Fly on the wall at a secret meeting place:

KHS...Brian, did you swing it?
BM: Swing what?
KHS: You know the "pasta making machine deal"
BM: Oh that..did you bring the cash in $100s as I asked you?
KHS: Yes, its all here, do you want to count it?
BM: Didn't I tell you this is a top secret "arrangement"?
Do you want me to continue to work on the pasta deal?
KHS..Yes, my people are already passing information to the giant
pasta makers in Toulouse.
BM..Karl..your lips are too-loose..just keep this under your hat..ok?
I'm still Prime Minister, and if they found out......it could be very
bad for both of us..Very bad Karl!


----------



## HaroldCrump (Jun 10, 2009)

andrewf said:


> I guess my point is that you are saying "I vote for corrupt-in-the-past-Party-A because Party B has been corrupt in the past." They're both guilty--it's not a differentiating criterion. It just does not compute to me.
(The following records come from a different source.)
(* Let $\mathfrak{h}\ge2$ be such that level $\mathfrak{h}$ of the hierarchy is defined, i.e. $\nu_{\mathfrak{h}-1}\ge2$. Then $\Gamma^{\star,\mathfrak{h}}>\Gamma^{\star,\mathfrak{h}-1}$.
   Context: Setting. Let $\Omega$ be a finite set with a connected undirected graph structure; write $\eta\sim\xi$ if $\{\eta,\xi\}$ is an edge. Let $\mathbb{H}:\Omega\to\mathbb{R}$. Paths and heights. A path $\omega:\eta\to\xi$ is a sequence $(\omega_n)_{n=0}^N$ with $\omega_0=\eta$, $\omega_N=\xi$ and $\omega_n\sim\omega_{n+1}$ ($N=0$ allowed). Its height is $\Phi_\omega:=\max_n\mathbb{H}(\omega_n)$. Set $\Phi(\eta,\xi):=\min_{\omega:\eta\to\xi}\Phi_\omega$. For nonempty sets, $\Phi(\mathcal{A},\mathcal{B}):=\min_{\eta\in\mathcal{A},\xi\in\mathcal{B}}\Phi(\eta,\xi)$, and $\Phi(\mathcal{A},\eta):=\Phi(\mathcal{A},\{\eta\})$. Ground states. $\mathcal{S}:=\operatorname{argmin}_\Omega\mathbb{H}$, $\overline{\Phi}:=\max_{s,s'\in\mathcal{S}}\Phi(s,s')$, and $\overline{\Omega}:=\{\eta:\Phi(\mathcal{S},\eta)\le\overline{\Phi}\}$. Sets. For $\mathcal{A}\subseteq\Omega$: $\mathcal{F}(\mathcal{A}):=\operatorname{argmin}_{\mathcal{A}}\mathbb{H}$; $\partial\mathcal{A}:=\{\eta\notin\mathcal{A}:\eta\sim\xi\text{ for some }\xi\in\mathcal{A}\}$; $\partial^\star\mathcal{A}:=\mathcal{F}(\partial\mathcal{A})$. A set is connected if any two of its points are joined by a path inside it. Stable plateaux and cycles. A stable plateau is a nonempty connected set $\mathcal{P}$ with constant energy $\mathbb{H}(\mathcal{P})$ such that $\mathbb{H}>\mathbb{H}(\mathcal{P})$ on $\partial\mathcal{P}$. A cycle is a nonempty connected $\mathcal{C}$ with $\max_{\mathcal{C}}\mathbb{H}<\min_{\partial\mathcal{C}}\mathbb{H}$. Its depth is $\Gamma^{\mathcal{C}}:=\min_{\partial\mathcal{C}}\mathbb{H}-\min_{\mathcal{C}}\mathbb{H}$. General construction (C). Let $\mathscr{C}$ be a collection of pairwise disjoint cycles contained in $\overline{\Omega}$ with $|\mathscr{C}|\ge2$, and let $\Gamma^\star>0$. Put - $\mathscr{C}^\star:=\{\mathcal{C}\in\mathscr{C}:\Gamma^{\mathcal{C}}\ge\Gamma^\star\}$ and $\mathscr{C}^\sharp:=\{\mathcal{C}\in\mathscr{C}:\Gamma^{\mathcal{C}}<\Gamma^\star\}$; - $\mathscr{P}^{\mathscr{C}}:=\{\mathcal{F}(\mathcal{C}):\mathcal{C}\in\mathscr{C}\}$ and $\mathscr{P}^{\mathscr{C}^\star}:=\{\mathcal{F}(\mathcal{C}):\mathcal{C}\in\mathscr{C}^\star\}$; - $\Delta^{\mathscr{C}}:=\overline{\Omega}\setminus\bigcup_{\mathcal{C}\in\mathscr{C}}\mathcal{C}$. Let $\mathfrak{X}^{\mathscr{C}}$ be the continuous-time Markov chain on $\Omega^{\mathscr{C}}:=\Delta^{\mathscr{C}}\cup\mathscr{P}^{\mathscr{C}}$, in which each $\mathcal{F}(\mathcal{C})$ is treated as a single point. Its rates are: - $\mathfrak{R}^{\mathscr{C}}(\eta,\xi)=1$ for $\eta,\xi\in\Delta^{\mathscr{C}}$ with $\eta\sim\xi$ and $\mathbb{H}(\xi)\le\mathbb{H}(\eta)$; - $\mathfrak{R}^{\mathscr{C}}(\eta,\mathcal{F}(\mathcal{C}))=|\{\zeta\in\mathcal{C}:\eta\sim\zeta\}|$ for $\eta\in\Delta^{\mathscr{C}}\cap\partial\mathcal{C}$; - $\mathfrak{R}^{\mathscr{C}}(\mathcal{F}(\mathcal{C}),\eta)=|\mathcal{F}(\mathcal{C})|^{-1}|\{\zeta\in\mathcal{C}:\eta\sim\zeta\}|$ if $\Gamma^{\mathcal{C}}\le\Gamma^\star$ and $\eta\in\partial^\star\mathcal{C}$; - all other rates are $0$. The trace chain $\mathfrak{X}^{\mathscr{C}^\star}$ on $\mathscr{P}^{\mathscr{C}^\star}$ has rates, for distinct $\mathcal{C},\mathcal{C}'\in\mathscr{C}^\star$, $$\mathfrak{R}^{\mathscr{C}^\star}(\mathcal{F}(\mathcal{C}),\mathcal{F}(\mathcal{C}')):=\sum_{\eta\in\Delta^{\mathscr{C}}}\mathfrak{R}^{\mathscr{C}}(\mathcal{F}(\mathcal{C}),\eta)\,\mathbf{P}^{\mathscr{C}}_\eta[\mathcal{T}_{\mathcal{F}(\mathcal{C}')}=\mathcal{T}_{\mathscr{P}^{\mathscr{C}^\star}}].$$ Here $\mathbf{P}^{\mathscr{C}}_\eta$ is the law of $\mathfrak{X}^{\mathscr{C}}$ started at $\eta$, and $\mathcal{T}_{\mathcal{A}}$ is the hitting time of $\mathcal{A}$. Hierarchy. Let $\mathscr{P}^1=\{\mathcal{P}_1^1,\dots,\mathcal{P}^1_{\nu_0}\}$ be the collection of all stable plateaux contained in $\overline{\Omega}$, and assume $\nu_0\ge2$. Suppose that at some level $\mathfrak{h}\ge1$ the sets $\mathcal{P}^{\mathfrak{h}}_1,\dots,\mathcal{P}^{\mathfrak{h}}_{\nu_{\mathfrak{h}-1}}$ are defined, with $\nu_{\mathfrak{h}-1}\ge2$. Then define: - $\mathbb{H}(\mathcal{P}^{\mathfrak{h}}_i):=\min_{\mathcal{P}^{\mathfrak{h}}_i}\mathbb{H}$; - $\mathscr{P}^{\star,\mathfrak{h}}:=\{\mathcal{P}^{\mathfrak{h}}_i:i\in[1,\nu_{\mathfrak{h}-1}]\}$; - $\breve{\mathcal{P}}^{\mathfrak{h}}_i:=\bigcup_{j\ne i}\mathcal{P}^{\mathfrak{h}}_j$; - $\Gamma^{\mathfrak{h}}_i:=\Phi(\mathcal{P}^{\mathfrak{h}}_i,\breve{\mathcal{P}}^{\mathfrak{h}}_i)-\mathbb{H}(\mathcal{P}^{\mathfrak{h}}_i)$ and $\Gamma^{\star,\mathfrak{h}}:=\min_i\Gamma_i^{\mathfrak{h}}$; - $\mathcal{V}^{\mathfrak{h}}_i:=\{\eta\in\Omega:\Phi(\mathcal{P}^{\mathfrak{h}}_i,\eta)-\mathbb{H}(\mathcal{P}^{\mathfrak{h}}_i)<\Gamma^{\mathfrak{h}}_i\}$. Set $\mathscr{C}^1:=\{\mathcal{V}^1_i:i\in[1,\nu_0]\}$. For $\mathfrak{h}\ge2$, set $$\mathscr{C}^{\mathfrak{h}}:=\{\mathcal{V}^{\mathfrak{h}}_i:i\in[1,\nu_{\mathfrak{h}-1}]\}\cup\{\mathcal{C}\in\mathscr{C}^{\star,\mathfrak{h}-1}_{\rm tr}\cup\mathscr{C}^{\sharp,\mathfrak{h}-1}:\mathcal{C}\cap\mathcal{V}^{\mathfrak{h}}_i=\emptyset\ \forall i\}.$$ Apply (C) to $(\mathscr{C}^{\mathfrak{h}},\Gamma^{\star,\mathfrak{h}})$. Write $\mathscr{C}^{\star,\mathfrak{h}}:=(\mathscr{C}^{\mathfrak{h}})^\star$ and $\mathscr{C}^{\sharp,\mathfrak{h}}:=(\mathscr{C}^{\mathfrak{h}})^\sharp$. Let $\mathfrak{X}^{\star,\mathfrak{h}}$ be the trace chain of (C) on $\mathscr{P}^{(\mathscr{C}^{\mathfrak{h}})^\star}$. Decompose $\mathscr{P}^{(\mathscr{C}^{\mathfrak{h}})^\star}$ into the closed communicating classes $\mathscr{P}^{\star,\mathfrak{h}}_1,\dots,\mathscr{P}^{\star,\mathfrak{h}}_{\nu_{\mathfrak{h}}}$ of $\mathfrak{X}^{\star,\mathfrak{h}}$ and the set $\mathscr{P}^{\star,\mathfrak{h}}_{\rm tr}$ of transient elements. Let $\mathscr{C}^{\star,\mathfrak{h}}_m:=\{\mathcal{C}\in\mathscr{C}^{\star,\mathfrak{h}}:\mathcal{F}(\mathcal{C})\in\mathscr{P}^{\star,\mathfrak{h}}_m\}$ for $m\in\{1,\dots,\nu_{\mathfrak{h}},{\rm tr}\}$. If $\nu_{\mathfrak{h}}\ge2$, define $\mathcal{P}^{\mathfrak{h}+1}_i:=\bigcup_{\mathcal{P}\in\mathscr{P}^{\star,\mathfrak{h}}_i}\mathcal{P}$ for $i\in[1,\nu_{\mathfrak{h}}]$ and continue to level $\mathfrak{h}+1$. The terminal level $\mathfrak{m}$ is the first $\mathfrak{h}$ with $\nu_{\mathfrak{h}}=1$. Finally, $\mathscr{P}^{\star,\mathfrak{h}}_{\rm rec}:=\mathscr{P}^{\star,\mathfrak{h}}_1\cup\dots\cup\mathscr{P}^{\star,\mathfrak{h}}_{\nu_{\mathfrak{h}}}$. Here $[a,b]$ denotes the set of integers from $a$ to $b$. *)

From HB Require Import structures.
From mathcomp Require Import all_boot all_order all_algebra.
From mathcomp Require Import boolp reals topology normedtype sequences.
Set Implicit Arguments. Unset Strict Implicit. Unset Printing Implicit Defensive.
Import Order.TTheory GRing.Theory Num.Theory numFieldNormedType.Exports.
Local Open Scope ring_scope.

Section Hierarchy.
Context (R : realType) (T : finType) (adj : rel T) (H : T -> R).

Definition minOver (S : finType) (P : pred S) (f : S -> R) : R :=
  match [pick s | P s] with
  | Some s0 => \big[Num.min/f s0]_(s | P s) f s
  | None => 0 end.
Definition maxOver (S : finType) (P : pred S) (f : S -> R) : R :=
  match [pick s | P s] with
  | Some s0 => \big[Num.max/f s0]_(s | P s) f s
  | None => 0 end.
So from your theory it appears that everyone is corrupt, either right now, or in the recent past, or in the not-so-recent past.
I take it then that you do not vote at all.


----------



## andrewf (Mar 1, 2010)

Nope, I just don't consider it in how I vote. You're voting as if one party is honest. They're not. They will get caught with their hands in the cookie jar. It is inevitable.

I vote more on the basis of policy and competence. I have an aversion to ideologues. I'm a fiscal conservative that cares about income inequality. I'm a social liberal/libertarian. So, a fiscally profligate authoritarian government does not appeal to me.


----------



## Jungle (Feb 17, 2010)

How is Tony Clement not being investigated for fraud? Did he not go through the proper approvals for that reckless spending in Huntsville?


----------



## carverman (Nov 8, 2010)

andrewf said:


> They will get caught with their hands in the cookie jar. It is inevitable.


Yes, that cookie jar is very tempting...just ask Tony Clement. 



> I'm a fiscal conservative that cares about income inequality. I'm a social liberal/libertarian. So, a fiscally *profligate* authoritarian government does not appeal to me.


that's a new word for me..had to look up the meaning online..
"extravagance, indulgence, waste"

yes, certainly the superjets and corporate tax cuts by Harper, at a time when families are struggling to make ends meet...would certainly fall into those descriptions.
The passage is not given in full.